Published in cooperation with The Electric Company public television series, Spidey Super Stories teamed-up the web-slinger with other Marvel heroes each issue.
Created for young readers, these stories took place outside of the standard Marvel Universe and altered some of the characters in age-appropriate ways.
In standard Marvel Comics, the crimefighter originally known as Cat transformed into Tigra the were-woman in Giant-Size Creatures #1 (July 1974).
But that didn't prevent Cat, with her original yellow costume and black hair, from making a guest appearance in Spidey Super Stories #12 (Sept. 1975).
When Tigra did guest star in Spidey Super Stories #21 (Feb. 1977), she wore a full-piece costume, relatively conservative when compared with the two-piece outfit she wore in most of her other comic book appearances.
Don't be fooled by appearances.
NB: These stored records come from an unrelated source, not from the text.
(* Let $Q=ABCD$ be a non-degenerate parallelogram of perimeter $2$ and $Q^\circ=KLMN$ its dual. Then $|KL|=|BC|$, $|LM|=|AB|$, $|KM|=|AC|$, and $Q^\circ$ is a parallelogram congruent to $Q$ (parallelograms are self-dual up to isometry).
   Context: Identify $\mathbb{R}^2$ with $\mathbb{C}$. A quadrangle $Q=ABCD$ is an ordered 4-tuple of points $A,B,C,D\in\mathbb{C}$: $A$ is the first vertex and the order $A\to B\to C\to D\to A$ is the direction of traversal. Its edge vectors are $z_1=B-A$, $z_2=C-B$, $z_3=D-C$, $z_4=A-D$, so $z_1+z_2+z_3+z_4=0$; its perimeter is $|z_1|+|z_2|+|z_3|+|z_4|$. $Q$ is non-degenerate if each pair of consecutive edge vectors $(z_1,z_2),(z_2,z_3),(z_3,z_4),(z_4,z_1)$ consists of nonzero, non-collinear vectors. Associated plane: for a non-degenerate $Q$ of perimeter $2$, choose $u_1,\dots,u_4\in\mathbb{C}$ with $u_k^2=z_k$, where $u_1$ is an arbitrary square root of $z_1$ and for $k=1,2,3$ the sign of $u_{k+1}$ is chosen so that $\operatorname{Im}(\overline{u_k}u_{k+1})$ has the same sign as $\operatorname{Im}(\overline{z_k}z_{k+1})$. Write $u_k=a_k+i b_k$ and $\bar a=(a_1,a_2,a_3,a_4)$, $\bar b=(b_1,b_2,b_3,b_4)$; these are orthonormal in $\mathbb{R}^4$. Let $\Pi=\operatorname{span}(\bar a,\bar b)$ and $\Pi^\perp$ its orthogonal complement. Dual quadrangle: choose an orthonormal basis $(\bar c,\bar d)$ of $\Pi^\perp$, put $w_k=(c_k+i d_k)^2$; then $\sum_k w_k=0$ and $\sum_k|w_k|=2$. The dual quadrangle $Q^\circ=KLMN$ is the quadrangle with $L-K=w_1$, $M-L=w_2$, $N-M=w_3$, $K-N=w_4$. It is determined up to rotation, reflection and translation. *)

From Stdlib Require Import Reals.
Open Scope R_scope.

(* A point / complex number x + i y is the pair (x, y). *)
Definition pt := (R * R)%type.
Definition re (p : pt) : R := fst p.
Definition im (p : pt) : R := snd p.
Definition psub (p q : pt) : pt := (fst p - fst q, snd p - snd q).
Definition padd (p q : pt) : pt := (fst p + fst q, snd p + snd q).
Definition cabs (p : pt) : R := sqrt (fst p * fst p + snd p * snd p).
Definition cmul (p q : pt) : pt :=
  (fst p * fst q - snd p * snd q, fst p * snd q + snd p * fst q).
Definition csq (p : pt) : pt := cmul p p.
Definition imconjmul (p q : pt) : R := fst p * snd q - snd p * fst q.

Definition good_pair (p q : pt) : Prop :=
  p <> (0, 0) /\ q <> (0, 0) /\ imconjmul p q <> 0.

Definition nondegenerate (A B C D : pt) : Prop :=
  let z1 := psub B A in let z2 := psub C B in
  let z3 := psub D C in let z4 := psub A D in
  good_pair z1 z2 /\ good_pair z2 z3 /\ good_pair z3 z4 /\ good_pair z4 z1.

Definition perimeter (A B C D : pt) : R :=
  cabs (psub B A) + cabs (psub C B) + cabs (psub D C) + cabs (psub A D).

Definition parallelogram (A B C D : pt) : Prop := psub B A = psub C D.

Definition same_sign (x y : R) : Prop := (0 < x /\ 0 < y) \/ (x < 0 /\ y < 0).

Definition dot4 (x1 x2 x3 x4 y1 y2 y3 y4 : R) : R :=
  x1 * y1 + x2 * y2 + x3 * y3 + x4 * y4.

Definition admissible_roots (A B C D u1 u2 u3 u4 : pt) : Prop :=
  let z1 := psub B A in let z2 := psub C B in
  let z3 := psub D C in let z4 := psub A D in
  csq u1 = z1 /\ csq u2 = z2 /\ csq u3 = z3 /\ csq u4 = z4 /\
  same_sign (imconjmul u1 u2) (imconjmul z1 z2) /\
  same_sign (imconjmul u2 u3) (imconjmul z2 z3) /\
  same_sign (imconjmul u3 u4) (imconjmul z3 z4).

(* v_k = c_k + i d_k where (c, d) is an orthonormal basis of Pi^perp,
   Pi = span(a, b), u_k = a_k + i b_k.  (Pi^perp is 2-dimensional since
   a, b are orthonormal, so an orthonormal pair in Pi^perp is a basis.) *)
Definition orthonormal_basis_perp (u1 u2 u3 u4 v1 v2 v3 v4 : pt) : Prop :=
  let c1 := re v1 in let c2 := re v2 in let c3 := re v3 in let c4 := re v4 in
  let d1 := im v1 in let d2 := im v2 in let d3 := im v3 in let d4 := im v4 in
  let a1 := re u1 in let a2 := re u2 in let a3 := re u3 in let a4 := re u4 in
  let b1 := im u1 in let b2 := im u2 in let b3 := im u3 in let b4 := im u4 in
  dot4 c1 c2 c3 c4 c1 c2 c3 c4 = 1 /\
  dot4 d1 d2 d3 d4 d1 d2 d3 d4 = 1 /\
  dot4 c1 c2 c3 c4 d1 d2 d3 d4 = 0 /\
  dot4 c1 c2 c3 c4 a1 a2 a3 a4 = 0 /\
  dot4 c1 c2 c3 c4 b1 b2 b3 b4 = 0 /\
  dot4 d1 d2 d3 d4 a1 a2 a3 a4 = 0 /\
  dot4 d1 d2 d3 d4 b1 b2 b3 b4 = 0.

Definition dual_quadrangle (A B C D K L M N : pt) : Prop :=
  exists u1 u2 u3 u4 v1 v2 v3 v4 : pt,
    admissible_roots A B C D u1 u2 u3 u4 /\
    orthonormal_basis_perp u1 u2 u3 u4 v1 v2 v3 v4 /\
    psub L K = csq v1 /\ psub M L = csq v2 /\
    psub N M = csq v3 /\ psub K N = csq v4.

Definition pdist (p q : pt) : R := cabs (psub p q).

Definition isometry (f : pt -> pt) : Prop :=
  forall p q, pdist (f p) (f q) = pdist p q.

From Stdlib Require Import Reals Nsatz Lra.
Open Scope R_scope.
Set Implicit Arguments.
The heroine on the cover of Spidey Super Stories #39 (March 1979) had red hair that matched that of Patsy Walker (who as Hellcat was an active member of the Defenders by that time), but within that super story she still answered to the sanitized name of Cat.
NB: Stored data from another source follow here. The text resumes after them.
(* Let $R$ be a finite group of squarefree order with trivial centre, of the form $R=N\rtimes M$ with $N$ cyclic of order $n$ and $M$ cyclic of order $m$. Suppose that for every pair of primes $p,q$ with $p\mid m$ and $q\mid n$, every subgroup of $R$ of order $pq$ is nonabelian. Let $H$ be a characteristic subgroup of prime index in $R$. If $m$ is not prime, then $\mathbf{C}_{\mathrm{Aut}(R)}(H)=1$, i.e. the only automorphism of $R$ fixing every element of $H$ is the identity.
   Context: $\mathbf{C}_{\mathrm{Aut}(R)}(H)$ denotes the set of automorphisms of $R$ that fix $H$ pointwise. *)

From mathcomp Require Import all_boot all_fingroup all_solvable.
Set Implicit Arguments. Unset Strict Implicit. Unset Printing Implicit Defensive.

Definition squarefree_nat (k : nat) : Prop :=
  forall p : nat, prime p -> ~~ (p * p %| k).

From mathcomp Require Import all_boot all_fingroup all_solvable.
Set Implicit Arguments.
Unset Strict Implicit.
Unset Printing Implicit Defensive.

Local Open Scope group_scope.

(* The pq-condition forces every nontrivial element of M to act
   fixed-point-freely on N, so R is a Frobenius group with kernel N.
   Then u |-> [u, y] is injective on N for y in M^#, whence N = [N, y] lies in
   R', hence in H because R/H is abelian. Were M :&: H trivial, H = N and
   |M| = |R : H| would be prime; so some z in M^# lies in H. An automorphism a
   fixing H pointwise moves each x of R by x^-1 a(x) in C_R(H), which
   centralizes a nontrivial element of N (so lies in N) and z (so is trivial,
   by fixed-point-freeness). *)

Section FrobeniusCentralizers.

Variable gT : finGroupType.
Implicit Types (G H N M R : {group gT}).

Lemma nonabelian_pq_semiregular R N M :
  N ><| M = R ->
  (forall (p q : nat) (K : {group gT}),
      prime p -> prime q -> (p %| #|M|)%N -> (q %| #|N|)%N ->
      K \subset R -> #|K| = (p * q)%N -> ~~ abelian K) ->
  semiregular N M.
Proof.
move=> defR nab_pq y /setD1P[nty My]; apply/trivgP/subsetP => v /setIP[Nv cyv].
rewrite inE; apply: contraT => ntv.
have [/andP[sNR _] sMR _ _ tiNM] := sdprod_context defR.
have p_pr : prime (pdiv #[y]) by rewrite pdiv_prime ?order_gt1.
have q_pr : prime (pdiv #[v]) by rewrite pdiv_prime ?order_gt1.
have [z yz oz] := Cauchy p_pr (pdiv_dvd #[y]).
have [w vw ow] := Cauchy q_pr (pdiv_dvd #[v]).
have Mz : z \in M by rewrite (subsetP _ _ yz) ?cycle_subG.
have Nw : w \in N by rewrite (subsetP _ _ vw) ?cycle_subG.
have cYV : <[y]> \subset 'C(<[v]>) by rewrite cent_cycle cycle_subG cent1C.
have czw : <[z]> \subset 'C(<[w]>).
  by rewrite (subset_trans _ (subset_trans cYV (centS _))) ?cycle_subG.
have := nab_pq _ _ (<[w]> <*> <[z]>)%G p_pr q_pr.
rewrite abelianY !cycle_abelian czw /=; apply.
- by rewrite (dvdn_trans (pdiv_dvd _)) ?order_dvdG.
- by rewrite (dvdn_trans (pdiv_dvd _)) ?order_dvdG.
- by rewrite join_subG !cycle_subG (subsetP sNR) ?(subsetP sMR).
rewrite /= cent_joinEr // TI_cardMg -?orderE ?oz ?ow 1?mulnC //.
by apply/trivgP; rewrite -tiNM setISS ?cycle_subG.
Qed.

Lemma commg_cycle_regular N y :
  y \in 'N(N) -> 'C_N[y] = 1 -> [~: N, <[y]>] = N.
Proof.
move=> nNy regNy; apply/eqP; rewrite eqEcard commg_subl cycle_subG nNy /=.
pose f u := [~ u, y].
have f_inj : {in N &, injective f}.
  move=> u v Nu Nv fuv; rewrite -(mulgKV v u).
  have : [~ u * v^-1, y] ^ v * f v = f v by rewrite -commMgJ mulgKV.
  move/(canRL (mulgK _)); rewrite mulgV => /eqP; rewrite conjg_eq1.
  move/commgP/cent1P => cy; suff -> : u * v^-1 = 1 by rewrite mul1g.
  by apply/set1gP; rewrite -regNy inE groupM ?groupV.
rewrite -(card_in_imset f_inj) subset_leq_card //.
by apply/subsetP=> _ /imsetP[u Nu ->]; rewrite mem_commg ?cycle_id.
Qed.

Lemma Frobenius_ker_sub_der1 R N M :
  [Frobenius R = N ><| M] -> N \subset R^`(1).
Proof.
move=> frobR; have [defR _ ntM _ _] := Frobenius_context frobR.
have [/andP[sNR _] sMR _ nNM _] := sdprod_context defR.
have [y My nty] := trivgPn _ ntM.
rewrite -(commg_cycle_regular (subsetP nNM y My) (Frobenius_reg_ker frobR _)).
  by rewrite commgSS ?cycle_subG ?(subsetP sMR).
by rewrite !inE nty.
Qed.

Lemma Frobenius_cent_over_ker R N M H :
  [Frobenius R = N ><| M] -> N \subset H -> M :&: H != 1 -> 'C_R(H) = 1.
Proof.
move=> frobR sNH ntMH; have [_ ntN _ _ _] := Frobenius_context frobR.
have [v Nv ntv] := trivgPn _ ntN.
have N1v : v \in N^# by rewrite !inE ntv.
have sCRH_N : 'C_R(H) \subset N.
  apply: subset_trans (Frobenius_cent1_ker frobR N1v).
  by rewrite setIS // -cent_set1 centS // sub1set (subsetP sNH).
apply/trivgP; rewrite -(cent_semiregular (Frobenius_reg_ker frobR) (subsetIl M H)) //.
by rewrite subsetI sCRH_N; apply: subIset; rewrite centS ?subsetIr ?orbT.
Qed.

Lemma sdprod_index_over_ker R N M H :
  N ><| M = R -> N \subset H -> H \subset R -> M :&: H = 1 -> #|R : H| = #|M|.
Proof.
move=> defR sNH sHR tiMH; have [_ _ defNM _ _] := sdprod_context defR.
have -> : H :=: N by rewrite -(setIidPr sHR) -defNM -group_modl // tiMH mulg1.
by rewrite (index_sdprod defR).
Qed.

Lemma Aut_fix_cent G H a :
  a \in Aut G -> H <| G -> {in H, forall h, a h = h} ->
  {in G, forall x, x^-1 * a x \in 'C_G(H)}.
Proof.
move=> AutGa /andP[sHG nHG] fixHa x Gx; rewrite inE groupM ?groupV ?Aut_closed //=.
apply/centP => h Hh; apply/commute_sym/commgP/conjg_fixP.
have Hhx : h ^ x^-1 \in H by rewrite memJ_norm ?groupV ?(subsetP nHG).
rewrite conjgM -{1}(fixHa _ Hhx) -(autmE AutGa) -morphJ ?(subsetP sHG _ Hhx) //=.
by rewrite autmE conjgKV fixHa.
Qed.

End FrobeniusCentralizers.

Theorem lemma3p1 (gT : finGroupType) (R N M H : {group gT}) :
  squarefree_nat #|R| ->
  'Z(R) = 1 ->
  N ><| M = R ->
  cyclic N -> cyclic M ->
  (forall (p q : nat) (K : {group gT}),
      prime p -> prime q -> (p %| #|M|)%N -> (q %| #|N|)%N ->
      K \subset R -> #|K| = (p * q)%N -> ~~ abelian K) ->
  H \char R ->
  prime #|R : H| ->
  ~~ prime #|M| ->
  forall a : {perm gT}, a \in Aut R ->
    (forall x, x \in H -> a x = x) -> a = 1.
Proof.
move=> _ ZR1 defR cycN cycM nab_pq chH prRH nprM a AutRa fixHa.
have nsHR := char_normal chH; have /andP[sHR nHR] := nsHR.
have [_ _ defNM _ _] := sdprod_context defR.
have nabR : ~~ abelian R.
  apply: contraL prRH => /center_idP cRR.
  by have := dvdn_indexg R H; rewrite -cRR ZR1 cards1 dvdn1 => /eqP ->.
have ntN : N :!=: 1.
  by apply: contra nabR => /eqP N1; rewrite -defNM N1 mul1g cyclic_abelian.
have ntM : M :!=: 1.
  by apply: contra nabR => /eqP M1; rewrite -defNM M1 mulg1 cyclic_abelian.
have frobR : [Frobenius R = N ><| M].
  apply/(Frobenius_semiregularP defR ntN ntM).
  exact: nonabelian_pq_semiregular defR nab_pq.
have sNH : N \subset H.
  apply: subset_trans (Frobenius_ker_sub_der1 frobR) (der1_min nHR _).
  by rewrite cyclic_abelian // prime_cyclic // card_quotient.
have ntMH : M :&: H != 1.
  apply: contra nprM => /eqP tiMH.
  by rewrite -(sdprod_index_over_ker defR sNH sHR tiMH).
apply/permP => x; rewrite perm1.
case Rx : (x \in R); last by rewrite (out_Aut AutRa) ?Rx.
have := Aut_fix_cent AutRa nsHR fixHa Rx.
rewrite (Frobenius_cent_over_ker frobR sNH ntMH) => /set1gP/(canRL (mulKVg x)).
by rewrite mulg1.
Qed.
Had the version of Cat from Spidey Super Stories #12 transformed into Tigra but then returned to human form? Or was the character in #39 a version of Patsy Walker who inherited the Cat costume and kept the "hell" out of her name?
Who had time to address such matters? After all, Thanos was overhead in a helicopter!
Spidey Super Stories. Vol. 1. No. 39. March 1979. "The Cat and the Cosmic Cube!" Nick Sullivan, Michael Siporin, Jim Salicrup (writers), Win Mortimer, Mike Esposito (artists), A. J. Hays, Deborah November (editors), Jim Shooter (Marvel consultant), Marie Severin (art director). The issue also included the story "Women's Day 1979," guest-starring Ms. Marvel, and "The Impossible Visitor from Outer Space," featuring the Impossible Man.